John Royle Niyqowe5ade Unsplash

The Neglect of Instinctive Needs


In most modern areas of the world, millions of us live in hideous over-crowded cities: there are over 400 cities with populations greater than a million. We are no longer closely in touch, as our ancestors were, with the earth and the star-strewn night sky. This in itself does violence to our heart and our instincts. Children, through fear that they might be kidnapped or harmed by paedophiles are not encouraged to play out of doors, to explore, take risks and discover their power to survive. They sit for hours watching television or their computer screens.


Millions of adults are dependent upon work which does not satisfy them and from which there is no escape. Millions have no work, possibly for as long as three generations, and live on state benefits. With the doubling and tripling of the world population over the last fifty years, this situation has been made incomparably worse because, even with a flourishing economy, there can never be enough employment for all the growing numbers who are seeking it, particularly for the young. Political leaders are slow to comprehend that the planet’s resources are limited and there cannot be perpetual increase — of the world population, economic growth or jobs.

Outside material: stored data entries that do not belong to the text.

(* Since (n+1) f_(n+1) is determined by f_n and f_(n-1), a solution is
   determined by its constant term. *)
Lemma solves_unique a b e f g :
  f 0%N = g 0%N -> solves a b e f -> solves a b e g -> f = g.
Proof.
move=> eq0 sol_f sol_g.
suff eq_upto n : forall k, (k <= n)%N -> f k = g k.
  by apply: series_ext => n; apply: (eq_upto n).
elim: n => [|n IH] k; first by rewrite leqn0 => /eqP ->.
rewrite leq_eqVlt => /predU1P [->|]; last exact: IH.
have n1_neq0 : n.+1%:R != 0 :> {poly rat}.
  by rewrite -(rmorph_nat (@polyC rat)) polyC_eq0 pnatr_eq0.
apply: (mulfI n1_neq0); rewrite !Lop_succ sol_f sol_g /tshift /sscale (IH n) //.
by case: n {n1_neq0} IH => [|n] IH //; rewrite (IH n).
Qed.

Lemma inv_factS n : (n.+1)%:R * ((n.+1)`!)%:R^-1 = (n`!)%:R^-1 :> rat.
Proof. by rewrite factS natrM invfM mulrA divff ?mul1r // pnatr_eq0. Qed.

Lemma solves_egf a b r q :
  (forall n, q n.+1 - 'X *+ 2 * (n%:R * q n) - dx_coef * (q n)^`()
     = a * q n + b * (n%:R * q n.-1) + r n) ->
  solves a b (tshift (egf r)) (egf q).
Proof.
move=> rec [|n].
  by rewrite /Lop /ssub /tdiff /tshift /sscale /= !(mul0r, mulr0); ring.
have egf_succ k : k.+1%:R * egf q k.+1 = (k`!)%:R^-1 *: q k.+1.
  by rewrite /egf mulr_natl -scaler_nat scalerA inv_factS.
have tshift_egf k : tshift (egf q) k = (k`!)%:R^-1 *: (k%:R * q k.-1).
  case: k => [|k]; first by rewrite /= mul0r scaler0.
  by rewrite /= /egf mulr_natl -scaler_nat scalerA mulrC inv_factS.
rewrite /Lop /ssub /tdiff /xdiff /sscale /= egf_succ tshift_egf.
by rewrite /egf derivZ -!scalerAr -!scalerBr rec -!scalerDr.
Qed.

Lemma tshift_egf0 : tshift (egf (fun _ => 0)) = zero_series.
Proof. by apply: series_ext => -[|n] //; rewrite /= /egf scaler0. Qed.
(* The radius l C_{j'} of the ball of the center j' of i is controlled by
   any client j: either j' is the center k covering j (and C_{j'} <= C_j), or
   j' and k are separated, while both are close to i. *)
Lemma center_radius_le i j :
  ell * Chat c x (sigma i) <= dist c i j + 2 * ell * Chat c x j.
Proof.
have [k k_in [k_close k_small]] := centers_cover j.
have [j'_in nearest] := assign i.
have d_ge0 := dist_ge0 c_metric i j.
have eC_ge0 : 0 <= ell * Chat c x j by rewrite mulr_ge0.
have [k_eq|k_ne] := eqVneq (sigma i) k.
  by have := ler_wpM2l ell_ge0 k_small; rewrite -k_eq; lra.
have := centers_far j'_in k_in k_ne.
have := dCC_le_dist c_metric i (sigma i) k; have := nearest _ k_in.
have := dist_le_dCC c_metric i j k.
lra.
Qed.

Lemma reassign_dist i i0 j : i0 \in ball c x ell (sigma i) ->
  dist c i0 j <= 4 * (dist c i j + ell * Chat c x j).
Proof.
rewrite inE => i0_near.
have := dist_le_via c_metric i0 i (sigma i) j.
have := dist_to_center i j; have := center_radius_le i j.
have := dist_ge0 c_metric i j.
lra.
Qed.

End ClusterGeometry.

Section LPFacts.
Variables (R : realFieldType) (Cl Fa : finType) (c : Cl + Fa -> Cl + Fa -> R).
Variables (L U : nat) (x : Fa -> Cl -> R) (y : Fa -> R).
Hypothesis feasible : lp_feasible L U x y.

Lemma lp_x_ge0 i j : 0 <= x i j.
Proof. by have [_ [_ [_ [_ [/(_ i j) /andP[]]]]]] := feasible. Qed.

Lemma lp_y_ge0 i : 0 <= y i.
Proof. by have [_ [_ [_ [_ [_ /(_ i) /andP[]]]]]] := feasible. Qed.

Lemma lp_Chat_ge0 : is_metric c -> forall j, 0 <= Chat c x j.
Proof.
move=> c_metric j; apply: sumr_ge0 => i _.
by rewrite mulr_ge0 ?lp_x_ge0 ?dist_ge0.
Qed.

End LPFacts.

Section ClusterSums.
Variables (R : realFieldType) (Cl Fa : finType) (U : nat).
Variables (x : Fa -> Cl -> R) (Cp : {set Cl}) (sigma : Fa -> Cl).

Lemma sum_by_cluster (F : Fa -> R) : (forall i, sigma i \in Cp) ->
  \sum_i F i = \sum_(j' in Cp) \sum_(i in cluster sigma j') F i.
Proof.
move=> sigma_in; rewrite (partition_big sigma (mem Cp)) //=.
by apply: eq_bigr => j' _; apply: eq_bigl => i; rewrite inE.
Qed.

Lemma sum_sparse_dense (G : Cl -> R) :
  \sum_(j' in Cp) G j' = \sum_(j' in sparse_centers U x sigma Cp) G j'
                        + \sum_(j' in dense_centers U x sigma Cp) G j'.
Proof.
rewrite (bigID (fun j' => dem x sigma j' <= U%:R)) /=.
by congr (_ + _); apply: eq_bigl => j'; rewrite inE // ltNge.
Qed.

End ClusterSums.

Section Rounding.
Variables (R : realFieldType) (Cl Fa : finType).
Variables (c : Cl + Fa -> Cl + Fa -> R) (f : Fa -> R) (L U : nat).
Variables (x : Fa -> Cl -> R) (y : Fa -> R) (ell : R).
Variables (Cp : {set Cl}) (sigma : Fa -> Cl).
Hypotheses (c_metric : is_metric c) (f_ge0 : forall i, 0 <= f i).
Hypothesis feasible : lp_feasible L U x y.
Hypothesis ell_gt1 : 1 < ell.
Hypothesis assign : cluster_assignment c Cp sigma.
Hypothesis centers_far :
  {in Cp &, forall a b, a != b -> 2 * ell * Chat c x a < dCC c a b}.
Hypothesis centers_cover : forall j, exists2 k, k \in Cp &
  dCC c k j <= 2 * ell * Chat c x j /\ Chat c x k <= Chat c x j.

Local Notation CS := (sparse_centers U x sigma Cp).
Local Notation ball := (ball c x ell).

Let ell_gt0 : 0 < ell. Proof. exact: lt_trans ltr01 ell_gt1. Qed.
Let x_ge0 := lp_x_ge0 feasible.
Let y_ge0 := lp_y_ge0 feasible.
Let Chat_ge0 := lp_Chat_ge0 feasible c_metric.
Let mass_gt0 : 0 < 1 - ell^-1. Proof. by rewrite subr_gt0 invf_lt1. Qed.

(* Markov's inequality applied to the fractional assignment of client j. *)
Lemma ball_x_mass j : 1 - ell^-1 <= \sum_(i in ball j) x i j.
Proof.
have [covered _] := feasible.
have tail_le : ell * \sum_(i | ell * Chat c x j < dist c i j) x i j <= 1 :=
  markov_mass ell (x_ge0 ^~ j) (dist_ge0 c_metric ^~ j).
have split_mass : \sum_i x i j = \sum_(i in ball j) x i j
    + \sum_(i | ell * Chat c x j < dist c i j) x i j.
  rewrite (bigID (mem (ball j))) /=.
  by congr (_ + _); apply: eq_bigl => i; rewrite inE // ltNge.
have tail_le_inv : \sum_(i | ell * Chat c x j < dist c i j) x i j <= ell^-1.
  by rewrite -(ler_pM2l ell_gt0) mulfV ?gt_eqF.
have := covered j; lra.
Qed.

(* Since x <= y, the ball of j carries y-mass at least 1 - 1/l. *)
Lemma ball_y_mass j : 1 - ell^-1 <= \sum_(i in ball j) y i.
Proof.
have [_ [_ [_ [x_le_y _]]]] := feasible.
by apply: le_trans (ball_x_mass j) _; apply: ler_sum => i _; apply: x_le_y.
Qed.

Lemma center_ball j' : j' \in Cp ->
  [/\ ball j' != set0, ball j' \subset cluster sigma j' &
      1 - ell^-1 <= \sum_(i in ball j') y i].
Proof.
move=> j'_in; split; last exact: ball_y_mass.
- apply/negP => /eqP ball0; have := ball_y_mass j'.
  by rewrite ball0 big_set0 leNgt mass_gt0.
- exact: (ball_sub_cluster c_metric assign centers_far j'_in).
Qed.

(* The demand of a cluster is at least L times the y-mass of the ball of its
   center, hence at least (1 - 1/l) L. *)
Lemma dem_lower j' : j' \in Cp -> (1 - ell^-1) * L%:R <= dem x sigma j'.
Proof.
move=> j'_in; have [_ [_ [L_le _]]] := feasible.
have [_ ball_sub _] := center_ball j'_in.
rewrite /dem /phi exchange_big /=.
apply: le_trans (_ : \sum_(i in ball j') L%:R * y i <= _).
  by rewrite -mulr_sumr mulrC ler_wpM2l ?ball_y_mass.
apply: le_trans (sum_le_subset ball_sub _) _ => [i|]; first by rewrite mulr_ge0.
by apply: ler_sum => i _; apply: L_le.
Qed.

Lemma sparse_center j' : j' \in CS -> j' \in Cp /\ dem x sigma j' <= U%:R.
Proof. by rewrite inE => /andP. Qed.

Variable ic : Cl -> Fa.
Hypothesis ic_cheapest : forall j', j' \in CS ->
  ic j' \in ball j' /\ (forall i, i \in ball j' -> f (ic j') <= f i).

Local Notation xh := (xhat CS sigma ic x).
Local Notation yh := (yhat CS sigma ic y).

Lemma sigma_ic j' : j' \in CS -> sigma (ic j') = j'.
Proof.
move=> j'_sparse; have [j'_in _] := sparse_center j'_sparse.
have [_ /subsetP ball_sub _] := center_ball j'_in.
by have := ball_sub _ (ic_cheapest j'_sparse).1; rewrite inE => /eqP.
Qed.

The breakdown of families which is, in part, an effect of this alienation from the instinct, contributes to patterns of behaviour which reflect its distress and disorientation.

There is nothing in secular society to give a foundation for values which respect the needs of the instinct. Boys without a male role model provided by a caring father turn to gangs to give them security, structure and status. Girls follow the role models offered to them by media ‘celebrities’, forcing a premature development of sexual awareness, and adapt their feminine nature to the masculine ethos and goals of the culture.

An exaggerated focus on sexuality distorts the need for love and trust in relationships. Men and women come to view each other in terms of immediate gratification, to be discarded if their partner fails to meet their demands. Children, the precious repository of our future, become the unhappy victims of the serial relationships of their parents and targets, not only for paedophiles but for commercial exploitation and online cyber bullying.

The appalling treatment of children taken into care has just come to light in the United Kingdom. Mothers may be too stressed and exhausted by the combined demands of full-time work and running a home to attend to their children’s emotional needs and to the relationship with their partners.

The current benefits system in the UK which has encouraged young women to become mothers without the desire or the need to find a supportive and caring partner has led to the situation where one in three children (3.8 million) in the UK now live without a father. 50,000 births are registered annually without the father’s name on the birth certificate. This situation might be ameliorated if adolescents were helped to understand the responsibilities of parenthood and why a child’s need for the loving care of both parents is paramount.

Nourishing the Imagination


Too much emphasis on goal-focused left-hemispheric learning without the balancing focus on activities which nurture the imagination and involve the coordination of eye, heart and hand can cripple the instincts and the heart.

The most important factor in the education of children in kindergarten and primary school is to nourish the imagination with activities that put them in touch with nature and help to connect them with their instincts. Exploring the woods and learning about birds and animals, learning how to grow vegetables, painting, dancing, singing, carpentry, cooking and learning to play a musical instrument as thousands of children in the poorest cities of Venezuela are doing, would go far to help children acquire confidence and balance and, above all, to enjoy learning.

By providing children with the conditions in which they can develop and express their natural instinct to enjoy what they are learning or by failing to notice the boredom and discouragement inflicted on them by bad teachers and inadequate, perfunctory education, we can profoundly affect their future. The best teachers know all this and can inspire and encourage a child to discover his or her creative path in life. The worst, like the worst parents, can crush and even destroy a child’s soul.

The distress children feel – distress caused not only by inadequate education and bullying in schools but by parental quarrelling and separation – is often expressed in physical symptoms such as abdominal pain. When they are very young they can only articulate what they are feeling through physical symptoms. Such distress leaves traumas embedded in the nervous system. As these young people grow to adulthood, many turn to drugs or alcohol or fall into depression and a kind of paralysis, not knowing how to deal with their distress as they are driven from day to day by a sense of failure because of their inability to attain the goals and material benefits which our competitive culture urges on them.

Symptoms of Distress


Governments try to deal with the symptoms of this distress, manifested not only in crime but in diseases such as cancer and diabetes as well as depression and mental illness and  the obesity that affects one third of the population in the UK.

70 million prescriptions for antidepressants were dispensed in 2018.

A recent survey from the Institute of Clinical Psychology and Psychotherapy in Dresden (2011) reports that 30 million people in 30 European countries suffer from depression and that more than a third of the populations in these countries suffer from mental disorders, with only a quarter of these receiving help.

But the billions spent on health do not address and therefore cannot alleviate the underlying problem of the quality of care infants and young children receive in an over-crowded and dysfunctional society.

Because the superficial values which dominate the media do not address our real needs and because their very superficiality cuts us off from connection to our deepest ground, they draw us into addictive patterns which can destroy lives, health and relationships. The tragic fate of the gifted singer Amy Winehouse is one example of this.